WHAT THE TASK REQUIRES:
For the entries below, repeat exactly each line starting with the one that contains "rewrite -size_bideg_exponents -(mxrank_unit" and going on through the one that contains "Hypothesis act_in_U : forall", and no others.

DATASET RECORDS:
+--

(* Row [i] of [M] evaluates at the pairs [X j] the polynomial
   [prod_(y in Y i) (y^2 - y s + p)] in [s = t1 + t2], [p = t1 t2], of degree at
   most [b], so [M] lies in the span of the monomial rows of [E]; the skew
   condition makes [M] triangular with a nonzero diagonal. *)
Let M : 'M[rat]_m :=
  \matrix_(i, j) \prod_(y in Y i) \prod_(x in X j) (coord x - coord y).

Let E : 'M[rat]_(size (bideg_exponents b), m) :=
  \matrix_(k, j) (let e := nth (0, 0)%N (bideg_exponents b) k in
                  sumX j ^+ e.1 * prodX j ^+ e.2).

Let symrow e1 e2 (ys : seq T) : 'rV[rat]_m :=
  \row_j (sumX j ^+ e1 * prodX j ^+ e2 *
          \prod_(y <- ys) (coord y ^+ 2 - coord y * sumX j + prodX j)).

Lemma symrow_sub ys e1 e2 : (e1 + e2 + size ys <= b)%N -> (symrow e1 e2 ys <= E)%MS.
Proof.
elim: ys e1 e2 => [|y ys IH] e1 e2 /= deg_le.
  have e_in := mem_bideg_exponents (leq_trans (leq_addr 0 _) deg_le).
  rewrite -index_mem in e_in.
  have -> : symrow e1 e2 [::] = row (Ordinal e_in) E.
    by apply/rowP => j; rewrite !mxE big_nil mulr1 /= nth_index // -index_mem.
  exact: row_sub.
have -> : symrow e1 e2 (y :: ys) = (coord y ^+ 2) *: symrow e1 e2 ys
    - coord y *: symrow e1.+1 e2 ys + symrow e1 e2.+1 ys.
  apply/rowP => j; rewrite !mxE big_cons !exprS expr0.
  set P := \prod_(_ <- ys) _; move: P (sumX j) (prodX j) (coord y) => P s p z; ring.
rewrite addnS in deg_le.
rewrite addmx_sub // ?addmx_sub ?eqmx_opp ?scalemx_sub // IH //.
- exact: ltnW.
- by rewrite addnS.
Qed.

Lemma M_sub_E : (M <= E)%MS.
Proof.
apply/row_subP => i.
have -> : row i M = symrow 0 0 (enum (Y i)).
  apply/rowP => j; rewrite !mxE expr0 !mul1r big_enum /=.
  by apply: eq_bigr => y _; rewrite prodX_sub.
by apply: symrow_sub; rewrite !add0n -cardE card_Y.
Qed.

Lemma det_M_neq0 : \det M != 0.
Proof.
rewrite det_trig; last first.
  apply/is_trig_mxP => i j ij; rewrite mxE.
  move: (meet_XY ij); rewrite -setI_eq0 => /set0Pn [x /setIP [xXj xYi]].
  apply/eqP/prodf_eq0; exists x => //; apply/prodf_eq0; exists x => //.
  by rewrite subrr.
apply/prodf_neq0 => i _; rewrite mxE; apply/prodf_neq0 => y yYi.
apply/prodf_neq0 => x xXi; rewrite subr_eq0; apply: contraTneq xXi => /coord_inj ->.
by move: (disjoint_XY i); rewrite disjoint_sym => /disjointFr ->.
Qed.

Lemma skew_bollobas_pairs : (m <= 'C(b.+2, 2))%N.
Proof.
have M_unit : M \in unitmx by rewrite unitmxE unitfE det_M_neq0.
rewrite -size_bideg_exponents -(mxrank_unit M_unit).
exact: leq_trans (mxrankS M_sub_E) (rank_leq_row _).
Qed.
End SkewBollobasPairs.

Lemma card_imset_ltn (T1 T2 : finType) (f : T1 -> T2) (A : {set T1}) x y :
  x \in A -> y \in A -> x != y -> f x = f y -> #|f @: A| < #|A|.
Proof.
move=> xA yA xy fxy; rewrite ltn_neqAle leq_imset_card andbT.
by apply: contra_neqN xy => /imset_injP; apply.
Qed.

Lemma card_imset_ltnP (T1 T2 : finType) (f : T1 -> T2) (A : {set T1}) :
  #|f @: A| < #|A| -> exists x y, [/\ x \in A, y \in A, x != y & f x = f y].
Proof.
case: (boolP [exists x in A, exists y in A, (x != y) && (f x == f y)]).
  by case/exists_inP=> x xA /exists_inP [y yA /andP [xy /eqP fxy]]; exists x, y.
move=> no_collision; rewrite card_in_imset ?ltnn // => x y xA yA fxy.
apply/eqP/negPn/negP => xy; move/negP: no_collision; apply.
by apply/exists_inP; exists x => //; apply/exists_inP; exists y; rewrite // xy fxy eqxx.
Qed.

Lemma all_take (T : Type) (a : pred T) s i : all a s -> all a (take i s).
Proof. by rewrite -{1}(cat_take_drop i s) all_cat => /andP []. Qed.

Lemma all_drop (T : Type) (a : pred T) s i : all a s -> all a (drop i s).
Proof. by rewrite -{1}(cat_take_drop i s) all_cat => /andP []. Qed.

Lemma ex_minsize (L : Type) (P : seq L -> Prop) :
  (exists w, P w) -> exists w, P w /\ (forall w', P w' -> size w <= size w').
Proof.
move=> [w Pw]; have [c] := ubnP (size w); elim: c w Pw => // c IH w Pw size_lt.
have [[w' [Pw' w'_lt]] | no_shorter] := classic (exists w', P w' /\ size w' < size w).
  exact: IH w' Pw' (leq_trans w'_lt size_lt).
exists w; split => // w' Pw'; rewrite leqNgt; apply/negP => w'_lt.
by apply: no_shorter; exists w'.
Qed.

Section RestrictedAction.
Variables (Q : finType) (L : Type) (act : L -> Q -> Q) (ok : pred L) (U : {set Q}).
Hypothesis act_in_U : forall l s, act l s \in U.

Definition act_word (w : seq L) s := foldl (fun s l => act l s) s w.
Definition act_set (T : {set Q}) w := [set act_word w s | s in T].
Definition compressing (T : {set Q}) w := all ok w && (#|act_set T w| < #|T|).

Lemma act_word_cat w1 w2 s : act_word (w1 ++ w2) s = act_word w2 (act_word w1 s).
Proof. by rewrite /act_word foldl_cat. Qed.

Lemma act_set_cat (T : {set Q}) w1 w2 : act_set T (w1 ++ w2) = act_set (act_set T w1) w2.
Proof. by rewrite /act_set -imset_comp; apply: eq_imset => s /=; apply: act_word_cat. Qed.

Lemma act_set_nil (T : {set Q}) : act_set T [::] = T.
Proof. exact: imset_id. Qed.

Lemma act_set_sub (T : {set Q}) w : T \subset U -> act_set T w \subset U.
Proof.
move/subsetP=> TU; apply/subsetP => _ /imsetP [s sT ->].
by elim: w s {sT}(TU s sT) => //= l w IH s _; apply: IH.
Qed.

Section ShortestCompressingWord.
Variables (T : {set Q}) (w : seq L) (l : L) (p q : Q).
Hypotheses (T_sub_U : T \subset U) (ok_w : all ok w) (ok_l : ok l)
  (shortest : forall w', all ok w' -> size w' <= size w -> #|act_set T w'| = #|T|)
  (p_in : p \in act_set T w) (q_in : q \in act_set T w) (p_neq_q : p != q)
  (l_merges : act l p = act l q).

Let k := size w.
Let prefix_set (i : 'I_k.+1) := act_set T (take i w).
Let pair_preimage (i : 'I_k.+1) := [set s in U | act_word (drop i w) s \in [set p; q]].

Lemma card_prefix_set i : #|prefix_set i| = #|T|.
Proof.
by apply: shortest; rewrite ?all_take // size_take_min geq_minr.
Qed.

Lemma prefix_set_sub i : prefix_set i \subset U.
Proof. exact: act_set_sub. Qed.

Lemma card_prefix_pair_gt1 i : 1 < #|prefix_set i :&: pair_preimage i|.
Proof.
have prefix_split : act_set T w = act_set (prefix_set i) (drop i w).
  by rewrite -act_set_cat cat_take_drop.
move: p_in q_in; rewrite prefix_split => /imsetP [sp sp_in p_def] /imsetP [sq sq_in q_def].
have in_U s : s \in prefix_set i -> s \in U by apply/subsetP/prefix_set_sub.
apply/card_gt1P; exists sp, sq; rewrite !inE sp_in sq_in !in_U //= -p_def -q_def.
rewrite !eqxx orbT; split => //.
by apply: contra_neq p_neq_q => eq_s; rewrite p_def q_def eq_s.
Qed.

(* Two states of [prefix_set i] merged by [rcons (drop j w) l] would make the
   shorter word [take i w ++ rcons (drop j w) l] compress [T]. *)
Lemma card_prefix_pair_le1 (i j : 'I_k.+1) :
  i < j -> #|prefix_set i :&: pair_preimage j| <= 1.
Proof.
move=> ij; rewrite leqNgt; apply/negP => /card_gt1P [s [s' []]].
rewrite !inE => /and3P [s_in _ s_pair] /and3P [s'_in _ s'_pair] ss'.
pose w' := take i w ++ rcons (drop j w) l.
have ok_w' : all ok w' by rewrite all_cat all_rcons ok_l all_take ?all_drop.
have j_le : j <= k by rewrite -ltnS.
have size_w' : size w' <= k.
  rewrite size_cat size_rcons size_drop size_takel ?(leq_trans (ltnW ij)) //.
  by rewrite addnS -addSn (leq_trans (leq_add ij (leqnn _))) // subnKC.
have merge t : (t == p) || (t == q) -> act l t = act l p.
  by case/orP => /eqP ->; rewrite ?l_merges.
have := card_prefix_set i.
rewrite -(shortest ok_w' size_w') /w' act_set_cat -cats1.
move/eqP; rewrite gtn_eqF //; apply: (card_imset_ltn s_in s'_in ss').
by rewrite !act_word_cat /= (merge _ s_pair) (merge _ s'_pair).
Qed.

Lemma shortest_compressing_size : k.+1 <= 'C(#|U| - #|T| + 2, 2).
Proof.
have ex_pair i :
    exists X : {set Q}, (X \subset prefix_set i :&: pair_preimage i) && (#|X| == 2).
  have /card_gt1P [x [y [x_in y_in xy]]] := card_prefix_pair_gt1 i.
  exists [set x; y]; rewrite cards2 xy eqxx andbT.
  by apply/subsetP => z /set2P [] ->.
pose X i := xchoose (ex_pair i).
have /all_and2 [X_sub card_X] :
    forall i, X i \subset prefix_set i :&: pair_preimage i /\ #|X i| = 2.
  by move=> i; have /andP [-> /eqP ->] := xchooseP (ex_pair i).
rewrite addn2; apply: (@skew_bollobas_pairs _ _ _ X (fun i => U :\: prefix_set i)) => //.
- by move=> i; rewrite cardsD (setIidPr (prefix_set_sub i)) card_prefix_set.
- move=> i; rewrite disjoints_subset setCD.
  exact: subset_trans (X_sub i) (subset_trans (subsetIl _ _) (subsetUr _ _)).
move=> i j ij; apply/negP => disj.
have : X j \subset prefix_set i :&: pair_preimage j.
  apply/subsetP => x xXj; have /setIP [_ x_pair] := subsetP (X_sub j) x xXj.
  rewrite inE x_pair andbT; have /setIdP [xU _] := x_pair.
  by have := disjointFr disj xXj; rewrite inE xU andbT => /negbFE.
by move/subset_leq_card; rewrite card_X leqNgt (leq_ltn_trans (card_prefix_pair_le1 ij)).
Qed.
End ShortestCompressingWord.

Lemma short_compressing_word (T : {set Q}) : T \subset U -> (exists w, compressing T w) ->
  exists w, compressing T w /\ size w <= 'C(#|U| - #|T| + 2, 2).
Proof.
move=> T_sub_U /ex_minsize [w [compress_w minimal]]; exists w; split; first exact: compress_w.
have shortest w' : all ok w' -> size w' < size w -> #|act_set T w'| = #|T|.
  move=> ok_w' w'_lt; apply/eqP; rewrite eqn_leq leq_imset_card leqNgt.
  apply: contraTN w'_lt => compress_w'; rewrite -leqNgt.
  by apply: minimal; rewrite /compressing ok_w'.
case/lastP: w compress_w {minimal} shortest => [|w l].
  by rewrite /compressing act_set_nil ltnn.
rewrite /compressing all_rcons size_rcons => /andP [/andP [ok_l ok_w] compress] shortest.
have card_w : #|act_set T w| = #|T| by apply: shortest.
move: compress; rewrite -cats1 act_set_cat -[in X in _ < X]card_w.
case/card_imset_ltnP => [p [q [p_in q_in pq lpq]]].
apply: (shortest_compressing_size T_sub_U ok_w ok_l _ p_in q_in pq lpq) => w' ok_w' w'_le.
exact: shortest.
Qed.
End RestrictedAction.

Definition compression_budget (r k : nat) := \sum_(2 <= t < k.+1) 'C(r - t + 2, 2).

Lemma compression_budget_pred r k :
  1 < k -> compression_budget r k = compression_budget r k.-1 + 'C(r - k + 2, 2).
Proof. by case: k => // k k_gt1; rewrite /compression_budget big_nat_recr. Qed.

Lemma compression_budget_mono r : {homo compression_budget r : a b / a <= b}.
Proof.
move=> a b ab; rewrite /compression_budget.
case: (leqP a 1) => [a_le1|a_gt1]; first by rewrite big_geq.
by rewrite [X in _ <= X](big_cat_nat _ (n := a.+1)) /= ?leq_addr ?ltnS // ltnW.
Qed.

Lemma compression_budget_diag r : compression_budget r r = 'C(r.+1, 3).
Proof.
elim: r => [|[|r] IH]; rewrite /compression_budget; try by rewrite big_geq.
rewrite big_nat_recl //; under eq_bigr do rewrite subSS.
by rewrite -/(compression_budget r.+1 r.+1) IH subnK // [RHS]binS addnC.
Qed.

Lemma bin3_cube r : 6 * 'C(r.+1, 3) + r = r ^ 3.
Proof.
have := bin_ffact r.+1 3; rewrite !ffactnS ffactn0 /= => six_bin.
by case: r six_bin => [|r] //; rewrite (_ : 3`! = 6) //; nia.
Qed.

Lemma cubic_budget_le n r :
  0 < r -> r ^ 3 <= 6 * n - 6 -> 1 + n * 'C(r.+1, 3) <= (n - 1) ^ 2.
Proof.
move=> r_gt0 r3_le; have := bin3_cube r; move: ('C(r.+1, 3)) => c cube.
have r3_gt0 : 0 < r ^ 3 by rewrite expn_gt0 r_gt0.
have c_le : c <= n - 2 by nia.
nia.
Qed.

Section AutomatonWords.
Variables (Q S : finType) (delta : Q -> S -> Q).
Local Notation dw := (delta_word delta).

Lemma delta_word_cat q u v : dw q (u ++ v) = dw (dw q u) v.
Proof. exact: foldl_cat. Qed.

+--

RESPONSE AREA:
rewrite -size_bideg_exponents -(mxrank_unit M_unit).
exact: leq_trans (mxrankS M_sub_E) (rank_leq_row _).
Qed.
End SkewBollobasPairs.

Lemma card_imset_ltn (T1 T2 : finType) (f : T1 -> T2) (A : {set T1}) x y :
  x \in A -> y \in A -> x != y -> f x = f y -> #|f @: A| < #|A|.
Proof.
move=> xA yA xy fxy; rewrite ltn_neqAle leq_imset_card andbT.
by apply: contra_neqN xy => /imset_injP; apply.
Qed.

Lemma card_imset_ltnP (T1 T2 : finType) (f : T1 -> T2) (A : {set T1}) :
  #|f @: A| < #|A| -> exists x y, [/\ x \in A, y \in A, x != y & f x = f y].
Proof.
case: (boolP [exists x in A, exists y in A, (x != y) && (f x == f y)]).
  by case/exists_inP=> x xA /exists_inP [y yA /andP [xy /eqP fxy]]; exists x, y.
move=> no_collision; rewrite card_in_imset ?ltnn // => x y xA yA fxy.
apply/eqP/negPn/negP => xy; move/negP: no_collision; apply.
by apply/exists_inP; exists x => //; apply/exists_inP; exists y; rewrite // xy fxy eqxx.
Qed.

Lemma all_take (T : Type) (a : pred T) s i : all a s -> all a (take i s).
Proof. by rewrite -{1}(cat_take_drop i s) all_cat => /andP []. Qed.

Lemma all_drop (T : Type) (a : pred T) s i : all a s -> all a (drop i s).
Proof. by rewrite -{1}(cat_take_drop i s) all_cat => /andP []. Qed.

Lemma ex_minsize (L : Type) (P : seq L -> Prop) :
  (exists w, P w) -> exists w, P w /\ (forall w', P w' -> size w <= size w').
Proof.
move=> [w Pw]; have [c] := ubnP (size w); elim: c w Pw => // c IH w Pw size_lt.
have [[w' [Pw' w'_lt]] | no_shorter] := classic (exists w', P w' /\ size w' < size w).
  exact: IH w' Pw' (leq_trans w'_lt size_lt).
exists w; split => // w' Pw'; rewrite leqNgt; apply/negP => w'_lt.
by apply: no_shorter; exists w'.
Qed.

Section RestrictedAction.
Variables (Q : finType) (L : Type) (act : L -> Q -> Q) (ok : pred L) (U : {set Q}).
Hypothesis act_in_U : forall l s, act l s \in U.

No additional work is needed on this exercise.